§ Assigned task: Tell me how many lines in the data below hold the string "function", and say nothing else.

§ Source information:
-=-=-

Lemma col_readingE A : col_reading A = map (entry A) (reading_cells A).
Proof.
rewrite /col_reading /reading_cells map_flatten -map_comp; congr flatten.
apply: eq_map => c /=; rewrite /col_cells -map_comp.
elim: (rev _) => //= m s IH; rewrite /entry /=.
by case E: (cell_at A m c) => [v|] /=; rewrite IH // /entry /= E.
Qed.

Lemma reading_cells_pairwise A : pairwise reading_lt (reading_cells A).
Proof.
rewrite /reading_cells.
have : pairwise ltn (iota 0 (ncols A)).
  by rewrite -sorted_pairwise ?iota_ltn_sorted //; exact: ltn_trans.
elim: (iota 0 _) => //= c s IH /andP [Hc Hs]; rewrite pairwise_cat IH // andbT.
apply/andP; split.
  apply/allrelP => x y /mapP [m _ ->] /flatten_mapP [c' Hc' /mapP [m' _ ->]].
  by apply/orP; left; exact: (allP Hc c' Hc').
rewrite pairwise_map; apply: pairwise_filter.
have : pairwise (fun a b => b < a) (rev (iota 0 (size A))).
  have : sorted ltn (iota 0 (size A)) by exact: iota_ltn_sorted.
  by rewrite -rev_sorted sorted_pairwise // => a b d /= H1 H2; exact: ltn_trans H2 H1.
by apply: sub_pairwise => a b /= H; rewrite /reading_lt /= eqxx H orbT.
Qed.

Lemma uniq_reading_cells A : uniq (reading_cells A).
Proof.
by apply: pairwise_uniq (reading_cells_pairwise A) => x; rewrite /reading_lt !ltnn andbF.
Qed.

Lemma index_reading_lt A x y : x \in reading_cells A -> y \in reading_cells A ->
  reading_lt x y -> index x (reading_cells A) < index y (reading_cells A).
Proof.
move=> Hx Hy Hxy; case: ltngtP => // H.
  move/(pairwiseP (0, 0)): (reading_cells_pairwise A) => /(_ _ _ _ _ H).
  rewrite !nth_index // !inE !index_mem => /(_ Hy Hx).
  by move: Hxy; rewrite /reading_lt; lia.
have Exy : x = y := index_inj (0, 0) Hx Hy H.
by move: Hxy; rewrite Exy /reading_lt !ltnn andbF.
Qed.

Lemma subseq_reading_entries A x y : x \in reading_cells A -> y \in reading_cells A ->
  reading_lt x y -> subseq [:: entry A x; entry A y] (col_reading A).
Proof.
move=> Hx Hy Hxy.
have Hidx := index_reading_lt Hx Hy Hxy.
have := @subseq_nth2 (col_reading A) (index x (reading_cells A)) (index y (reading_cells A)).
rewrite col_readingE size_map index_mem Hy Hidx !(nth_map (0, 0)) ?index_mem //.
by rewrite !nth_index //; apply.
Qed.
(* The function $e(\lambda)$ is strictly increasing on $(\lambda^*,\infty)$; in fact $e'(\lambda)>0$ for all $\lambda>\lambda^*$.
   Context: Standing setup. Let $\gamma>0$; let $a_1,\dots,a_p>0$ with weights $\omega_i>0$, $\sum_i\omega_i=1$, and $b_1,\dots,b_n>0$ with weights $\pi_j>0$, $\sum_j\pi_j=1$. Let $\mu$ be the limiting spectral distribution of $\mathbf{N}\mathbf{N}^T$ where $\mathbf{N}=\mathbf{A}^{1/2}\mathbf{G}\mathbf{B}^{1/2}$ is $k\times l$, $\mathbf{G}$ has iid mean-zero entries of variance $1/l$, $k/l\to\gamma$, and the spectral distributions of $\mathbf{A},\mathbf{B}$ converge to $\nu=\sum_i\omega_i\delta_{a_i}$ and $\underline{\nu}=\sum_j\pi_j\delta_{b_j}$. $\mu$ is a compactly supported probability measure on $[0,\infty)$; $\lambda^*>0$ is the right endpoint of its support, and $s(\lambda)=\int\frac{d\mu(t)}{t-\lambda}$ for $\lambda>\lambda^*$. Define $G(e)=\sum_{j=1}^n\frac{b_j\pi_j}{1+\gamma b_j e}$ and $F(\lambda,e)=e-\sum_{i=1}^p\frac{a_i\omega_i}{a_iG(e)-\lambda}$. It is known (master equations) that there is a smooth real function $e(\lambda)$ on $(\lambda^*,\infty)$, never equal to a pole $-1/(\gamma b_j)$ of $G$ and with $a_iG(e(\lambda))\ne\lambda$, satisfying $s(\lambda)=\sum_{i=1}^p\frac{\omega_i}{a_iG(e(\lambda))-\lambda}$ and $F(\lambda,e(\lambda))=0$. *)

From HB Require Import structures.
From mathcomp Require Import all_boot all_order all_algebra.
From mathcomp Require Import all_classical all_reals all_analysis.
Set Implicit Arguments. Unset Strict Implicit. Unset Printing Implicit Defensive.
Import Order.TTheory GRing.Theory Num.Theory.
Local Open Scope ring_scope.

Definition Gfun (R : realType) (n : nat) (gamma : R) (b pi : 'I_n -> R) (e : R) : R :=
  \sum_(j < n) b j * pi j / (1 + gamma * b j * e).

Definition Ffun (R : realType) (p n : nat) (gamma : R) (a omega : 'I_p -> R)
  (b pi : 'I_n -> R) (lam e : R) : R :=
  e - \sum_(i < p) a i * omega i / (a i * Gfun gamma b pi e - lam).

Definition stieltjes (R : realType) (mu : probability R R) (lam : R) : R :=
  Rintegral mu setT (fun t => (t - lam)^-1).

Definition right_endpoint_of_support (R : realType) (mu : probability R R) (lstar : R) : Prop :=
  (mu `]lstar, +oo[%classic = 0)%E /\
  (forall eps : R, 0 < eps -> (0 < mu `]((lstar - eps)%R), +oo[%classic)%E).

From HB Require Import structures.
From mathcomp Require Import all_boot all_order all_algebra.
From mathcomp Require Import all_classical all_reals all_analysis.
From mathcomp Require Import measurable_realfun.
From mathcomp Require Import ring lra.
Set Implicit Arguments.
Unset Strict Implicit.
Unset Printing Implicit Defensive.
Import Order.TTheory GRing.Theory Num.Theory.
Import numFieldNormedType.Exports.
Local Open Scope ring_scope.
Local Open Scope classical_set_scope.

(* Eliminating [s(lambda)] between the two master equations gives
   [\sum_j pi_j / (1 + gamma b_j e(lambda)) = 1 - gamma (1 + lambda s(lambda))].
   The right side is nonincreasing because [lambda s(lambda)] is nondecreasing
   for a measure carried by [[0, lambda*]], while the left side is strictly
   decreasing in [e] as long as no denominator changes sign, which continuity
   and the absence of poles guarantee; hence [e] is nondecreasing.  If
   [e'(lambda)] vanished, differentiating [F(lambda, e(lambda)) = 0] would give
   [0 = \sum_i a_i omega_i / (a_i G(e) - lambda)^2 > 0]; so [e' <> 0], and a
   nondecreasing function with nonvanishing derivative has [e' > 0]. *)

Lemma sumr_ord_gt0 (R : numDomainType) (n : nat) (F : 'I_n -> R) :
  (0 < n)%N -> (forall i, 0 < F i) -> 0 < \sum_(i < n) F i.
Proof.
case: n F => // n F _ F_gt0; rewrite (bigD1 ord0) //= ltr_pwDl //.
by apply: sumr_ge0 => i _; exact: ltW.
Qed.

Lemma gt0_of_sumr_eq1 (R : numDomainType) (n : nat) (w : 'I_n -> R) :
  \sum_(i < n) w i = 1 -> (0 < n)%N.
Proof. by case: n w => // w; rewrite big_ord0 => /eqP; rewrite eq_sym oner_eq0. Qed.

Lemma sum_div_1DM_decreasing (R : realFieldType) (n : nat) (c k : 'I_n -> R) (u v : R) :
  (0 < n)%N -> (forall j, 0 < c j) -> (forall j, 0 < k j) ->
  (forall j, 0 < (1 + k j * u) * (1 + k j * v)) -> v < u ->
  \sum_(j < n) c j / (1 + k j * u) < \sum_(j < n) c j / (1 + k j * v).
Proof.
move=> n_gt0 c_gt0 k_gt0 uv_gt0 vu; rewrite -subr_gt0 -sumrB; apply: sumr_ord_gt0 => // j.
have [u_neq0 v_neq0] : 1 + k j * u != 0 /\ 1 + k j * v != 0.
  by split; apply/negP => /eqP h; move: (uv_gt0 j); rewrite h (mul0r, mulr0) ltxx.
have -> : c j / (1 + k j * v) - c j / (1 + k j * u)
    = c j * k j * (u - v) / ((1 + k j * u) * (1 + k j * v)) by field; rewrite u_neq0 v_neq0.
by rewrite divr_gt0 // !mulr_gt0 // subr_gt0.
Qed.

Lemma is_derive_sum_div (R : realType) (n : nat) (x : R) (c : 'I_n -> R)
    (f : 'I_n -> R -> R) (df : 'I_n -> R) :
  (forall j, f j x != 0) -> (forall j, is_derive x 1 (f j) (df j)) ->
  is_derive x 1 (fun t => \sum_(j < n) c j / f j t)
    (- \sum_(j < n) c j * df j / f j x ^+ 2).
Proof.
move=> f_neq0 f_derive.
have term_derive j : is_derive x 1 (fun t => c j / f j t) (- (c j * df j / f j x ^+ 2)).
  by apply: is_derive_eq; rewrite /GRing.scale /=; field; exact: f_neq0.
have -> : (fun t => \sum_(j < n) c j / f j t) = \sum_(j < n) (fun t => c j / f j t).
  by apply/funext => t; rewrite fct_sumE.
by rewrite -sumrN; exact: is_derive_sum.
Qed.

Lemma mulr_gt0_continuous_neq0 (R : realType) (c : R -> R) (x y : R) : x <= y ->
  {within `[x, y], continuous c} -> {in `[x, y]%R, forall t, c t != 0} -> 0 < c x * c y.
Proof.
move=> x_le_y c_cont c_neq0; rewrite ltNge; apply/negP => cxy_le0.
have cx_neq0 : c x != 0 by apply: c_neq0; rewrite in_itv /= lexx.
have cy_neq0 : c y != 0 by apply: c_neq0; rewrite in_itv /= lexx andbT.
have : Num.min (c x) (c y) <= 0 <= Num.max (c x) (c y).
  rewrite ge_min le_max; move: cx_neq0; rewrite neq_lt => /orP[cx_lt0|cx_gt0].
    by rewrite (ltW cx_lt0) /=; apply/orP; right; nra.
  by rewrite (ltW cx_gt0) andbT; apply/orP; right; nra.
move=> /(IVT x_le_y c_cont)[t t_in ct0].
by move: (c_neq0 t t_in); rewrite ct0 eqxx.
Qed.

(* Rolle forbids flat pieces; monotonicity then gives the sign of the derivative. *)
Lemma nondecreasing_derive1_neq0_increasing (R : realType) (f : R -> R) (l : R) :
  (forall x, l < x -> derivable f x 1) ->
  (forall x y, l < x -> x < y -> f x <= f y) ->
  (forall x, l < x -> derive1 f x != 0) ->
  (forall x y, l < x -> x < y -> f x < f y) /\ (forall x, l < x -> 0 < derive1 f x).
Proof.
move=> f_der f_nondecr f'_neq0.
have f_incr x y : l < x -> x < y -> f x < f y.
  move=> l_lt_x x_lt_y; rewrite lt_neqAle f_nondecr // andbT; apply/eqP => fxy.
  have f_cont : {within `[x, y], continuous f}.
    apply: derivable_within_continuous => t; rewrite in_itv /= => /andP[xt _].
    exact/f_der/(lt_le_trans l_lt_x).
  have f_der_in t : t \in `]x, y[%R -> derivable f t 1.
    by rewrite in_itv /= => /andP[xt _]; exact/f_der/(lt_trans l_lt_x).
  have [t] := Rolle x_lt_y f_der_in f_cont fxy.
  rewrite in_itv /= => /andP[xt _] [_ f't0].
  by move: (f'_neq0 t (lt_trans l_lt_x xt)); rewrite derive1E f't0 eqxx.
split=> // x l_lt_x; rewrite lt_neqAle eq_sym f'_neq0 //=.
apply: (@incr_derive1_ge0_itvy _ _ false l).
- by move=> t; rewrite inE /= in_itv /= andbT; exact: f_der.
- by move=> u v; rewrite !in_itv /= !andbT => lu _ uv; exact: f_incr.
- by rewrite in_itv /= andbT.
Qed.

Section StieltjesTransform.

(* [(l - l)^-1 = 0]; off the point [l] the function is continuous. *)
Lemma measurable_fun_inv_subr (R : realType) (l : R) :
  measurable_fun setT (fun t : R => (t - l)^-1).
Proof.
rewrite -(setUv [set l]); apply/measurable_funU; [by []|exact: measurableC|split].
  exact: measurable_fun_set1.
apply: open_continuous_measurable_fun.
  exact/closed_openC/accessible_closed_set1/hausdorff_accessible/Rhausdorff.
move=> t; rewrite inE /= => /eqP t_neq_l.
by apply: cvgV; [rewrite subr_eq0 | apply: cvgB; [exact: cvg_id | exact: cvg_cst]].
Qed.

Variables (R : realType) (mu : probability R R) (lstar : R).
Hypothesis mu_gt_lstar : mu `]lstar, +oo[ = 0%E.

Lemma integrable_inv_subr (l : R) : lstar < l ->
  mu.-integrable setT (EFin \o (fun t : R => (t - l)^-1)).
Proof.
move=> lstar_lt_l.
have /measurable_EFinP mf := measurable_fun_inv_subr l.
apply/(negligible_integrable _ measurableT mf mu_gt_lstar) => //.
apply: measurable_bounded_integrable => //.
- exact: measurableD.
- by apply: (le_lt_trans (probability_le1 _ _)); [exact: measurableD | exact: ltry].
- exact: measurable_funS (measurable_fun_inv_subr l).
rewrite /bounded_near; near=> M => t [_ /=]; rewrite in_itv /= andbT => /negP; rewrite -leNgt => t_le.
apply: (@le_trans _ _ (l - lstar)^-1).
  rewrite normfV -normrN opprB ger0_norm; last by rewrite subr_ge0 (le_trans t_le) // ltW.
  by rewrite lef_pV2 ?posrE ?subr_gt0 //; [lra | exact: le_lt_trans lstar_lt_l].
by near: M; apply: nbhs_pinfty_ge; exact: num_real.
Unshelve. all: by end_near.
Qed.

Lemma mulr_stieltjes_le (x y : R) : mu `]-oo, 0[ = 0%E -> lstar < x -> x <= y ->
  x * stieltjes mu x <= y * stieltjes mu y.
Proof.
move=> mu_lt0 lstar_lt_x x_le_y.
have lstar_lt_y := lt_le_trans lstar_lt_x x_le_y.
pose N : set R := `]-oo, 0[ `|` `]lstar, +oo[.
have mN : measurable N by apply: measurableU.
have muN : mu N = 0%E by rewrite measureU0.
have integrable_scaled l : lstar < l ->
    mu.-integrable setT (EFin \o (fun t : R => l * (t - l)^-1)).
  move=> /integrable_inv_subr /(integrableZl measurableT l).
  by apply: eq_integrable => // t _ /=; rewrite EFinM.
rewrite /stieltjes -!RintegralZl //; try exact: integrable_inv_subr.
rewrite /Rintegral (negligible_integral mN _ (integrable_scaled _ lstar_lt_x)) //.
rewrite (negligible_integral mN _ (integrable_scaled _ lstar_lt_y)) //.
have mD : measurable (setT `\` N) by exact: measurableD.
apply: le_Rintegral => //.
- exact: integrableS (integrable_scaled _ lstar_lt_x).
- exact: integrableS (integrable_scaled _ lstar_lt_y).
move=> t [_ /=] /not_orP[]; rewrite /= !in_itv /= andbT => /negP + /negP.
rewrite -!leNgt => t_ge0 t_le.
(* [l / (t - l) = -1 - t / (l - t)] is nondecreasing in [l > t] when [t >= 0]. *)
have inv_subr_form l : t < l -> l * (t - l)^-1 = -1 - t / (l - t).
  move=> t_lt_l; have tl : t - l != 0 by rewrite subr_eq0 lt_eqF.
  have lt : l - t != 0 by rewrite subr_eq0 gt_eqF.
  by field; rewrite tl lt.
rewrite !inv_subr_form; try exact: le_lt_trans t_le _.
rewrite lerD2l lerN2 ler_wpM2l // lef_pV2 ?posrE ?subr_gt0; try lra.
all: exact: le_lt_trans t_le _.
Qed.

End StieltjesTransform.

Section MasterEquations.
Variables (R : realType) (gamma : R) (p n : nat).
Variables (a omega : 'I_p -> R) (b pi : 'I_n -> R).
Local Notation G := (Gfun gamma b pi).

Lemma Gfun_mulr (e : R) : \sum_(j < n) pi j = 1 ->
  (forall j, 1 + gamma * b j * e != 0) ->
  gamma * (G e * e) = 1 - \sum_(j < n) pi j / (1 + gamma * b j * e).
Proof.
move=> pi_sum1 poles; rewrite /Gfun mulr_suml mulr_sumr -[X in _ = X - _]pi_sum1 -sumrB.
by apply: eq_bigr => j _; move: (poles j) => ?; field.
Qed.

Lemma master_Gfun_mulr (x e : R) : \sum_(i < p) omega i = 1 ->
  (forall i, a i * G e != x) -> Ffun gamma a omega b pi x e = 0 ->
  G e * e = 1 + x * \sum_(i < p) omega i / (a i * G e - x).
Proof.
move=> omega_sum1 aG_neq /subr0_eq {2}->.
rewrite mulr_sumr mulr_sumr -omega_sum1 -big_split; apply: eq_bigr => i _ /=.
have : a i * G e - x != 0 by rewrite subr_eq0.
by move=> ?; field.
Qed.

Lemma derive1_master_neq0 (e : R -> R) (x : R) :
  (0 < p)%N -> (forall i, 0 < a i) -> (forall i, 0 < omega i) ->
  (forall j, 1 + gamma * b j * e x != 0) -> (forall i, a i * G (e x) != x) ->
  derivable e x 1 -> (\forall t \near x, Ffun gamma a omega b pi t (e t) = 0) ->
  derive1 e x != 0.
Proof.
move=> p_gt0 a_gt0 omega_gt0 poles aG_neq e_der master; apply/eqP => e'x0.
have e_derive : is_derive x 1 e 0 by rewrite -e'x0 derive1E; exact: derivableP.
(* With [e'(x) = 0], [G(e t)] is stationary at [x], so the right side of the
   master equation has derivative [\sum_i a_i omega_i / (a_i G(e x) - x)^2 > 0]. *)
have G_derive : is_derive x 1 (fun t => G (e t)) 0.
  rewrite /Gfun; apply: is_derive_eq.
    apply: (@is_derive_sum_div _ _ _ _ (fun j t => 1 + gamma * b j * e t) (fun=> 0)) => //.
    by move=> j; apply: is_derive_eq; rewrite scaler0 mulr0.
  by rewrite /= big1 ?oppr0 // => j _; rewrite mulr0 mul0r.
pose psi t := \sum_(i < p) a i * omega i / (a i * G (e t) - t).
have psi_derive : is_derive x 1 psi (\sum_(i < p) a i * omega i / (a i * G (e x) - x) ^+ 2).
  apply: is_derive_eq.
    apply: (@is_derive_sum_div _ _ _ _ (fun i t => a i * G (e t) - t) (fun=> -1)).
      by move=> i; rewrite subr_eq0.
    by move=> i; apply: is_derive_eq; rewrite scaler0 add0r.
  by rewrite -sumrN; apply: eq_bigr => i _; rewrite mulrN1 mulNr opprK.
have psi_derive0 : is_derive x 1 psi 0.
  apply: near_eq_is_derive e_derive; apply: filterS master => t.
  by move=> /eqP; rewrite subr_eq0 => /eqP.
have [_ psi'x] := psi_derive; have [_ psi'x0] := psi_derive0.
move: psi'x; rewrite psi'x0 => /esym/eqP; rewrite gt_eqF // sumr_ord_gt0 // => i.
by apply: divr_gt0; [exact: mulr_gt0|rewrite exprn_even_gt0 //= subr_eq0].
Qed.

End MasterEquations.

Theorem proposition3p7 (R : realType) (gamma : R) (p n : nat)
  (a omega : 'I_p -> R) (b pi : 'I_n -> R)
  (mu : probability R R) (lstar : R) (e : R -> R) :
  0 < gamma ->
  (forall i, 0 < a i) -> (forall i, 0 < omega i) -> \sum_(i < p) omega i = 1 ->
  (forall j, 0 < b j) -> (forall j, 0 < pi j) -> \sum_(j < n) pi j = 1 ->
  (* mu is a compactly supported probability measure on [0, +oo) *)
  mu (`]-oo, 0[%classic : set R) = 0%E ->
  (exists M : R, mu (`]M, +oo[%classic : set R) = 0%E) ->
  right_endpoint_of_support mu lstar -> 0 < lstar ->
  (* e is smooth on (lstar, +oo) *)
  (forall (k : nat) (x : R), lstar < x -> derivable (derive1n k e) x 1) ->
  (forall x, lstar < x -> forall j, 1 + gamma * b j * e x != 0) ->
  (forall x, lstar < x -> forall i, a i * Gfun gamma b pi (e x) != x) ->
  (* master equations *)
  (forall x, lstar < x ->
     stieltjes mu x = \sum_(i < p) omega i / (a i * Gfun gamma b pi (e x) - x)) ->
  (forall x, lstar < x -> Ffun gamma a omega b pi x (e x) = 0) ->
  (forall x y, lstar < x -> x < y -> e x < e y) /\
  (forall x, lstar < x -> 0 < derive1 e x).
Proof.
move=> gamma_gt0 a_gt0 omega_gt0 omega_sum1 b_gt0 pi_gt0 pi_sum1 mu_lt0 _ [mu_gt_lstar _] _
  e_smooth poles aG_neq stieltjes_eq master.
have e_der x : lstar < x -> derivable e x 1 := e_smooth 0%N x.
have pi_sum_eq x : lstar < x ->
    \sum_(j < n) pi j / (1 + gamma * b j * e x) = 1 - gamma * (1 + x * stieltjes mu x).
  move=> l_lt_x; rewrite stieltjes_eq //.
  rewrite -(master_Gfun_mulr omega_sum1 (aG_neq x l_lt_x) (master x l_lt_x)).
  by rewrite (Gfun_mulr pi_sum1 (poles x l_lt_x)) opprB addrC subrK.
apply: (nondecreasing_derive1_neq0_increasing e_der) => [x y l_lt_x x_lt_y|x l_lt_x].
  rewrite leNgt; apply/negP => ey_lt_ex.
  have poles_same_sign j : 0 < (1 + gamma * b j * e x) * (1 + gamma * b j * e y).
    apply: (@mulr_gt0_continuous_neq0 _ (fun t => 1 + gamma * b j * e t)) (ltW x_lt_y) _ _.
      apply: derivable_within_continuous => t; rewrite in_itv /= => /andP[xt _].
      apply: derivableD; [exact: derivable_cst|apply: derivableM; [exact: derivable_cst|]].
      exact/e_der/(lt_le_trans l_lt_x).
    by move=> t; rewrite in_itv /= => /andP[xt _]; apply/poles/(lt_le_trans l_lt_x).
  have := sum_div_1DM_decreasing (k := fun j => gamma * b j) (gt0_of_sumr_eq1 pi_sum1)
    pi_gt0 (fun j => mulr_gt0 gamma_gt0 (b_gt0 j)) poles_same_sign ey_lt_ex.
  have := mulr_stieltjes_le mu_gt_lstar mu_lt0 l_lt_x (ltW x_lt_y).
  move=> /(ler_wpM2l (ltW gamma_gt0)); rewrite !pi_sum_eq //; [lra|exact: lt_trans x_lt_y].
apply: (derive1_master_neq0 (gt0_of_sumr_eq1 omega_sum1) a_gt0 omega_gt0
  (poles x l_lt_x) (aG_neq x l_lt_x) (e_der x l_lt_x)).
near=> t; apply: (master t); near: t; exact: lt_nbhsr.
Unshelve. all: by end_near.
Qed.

-=-=-

§ Answer section: 4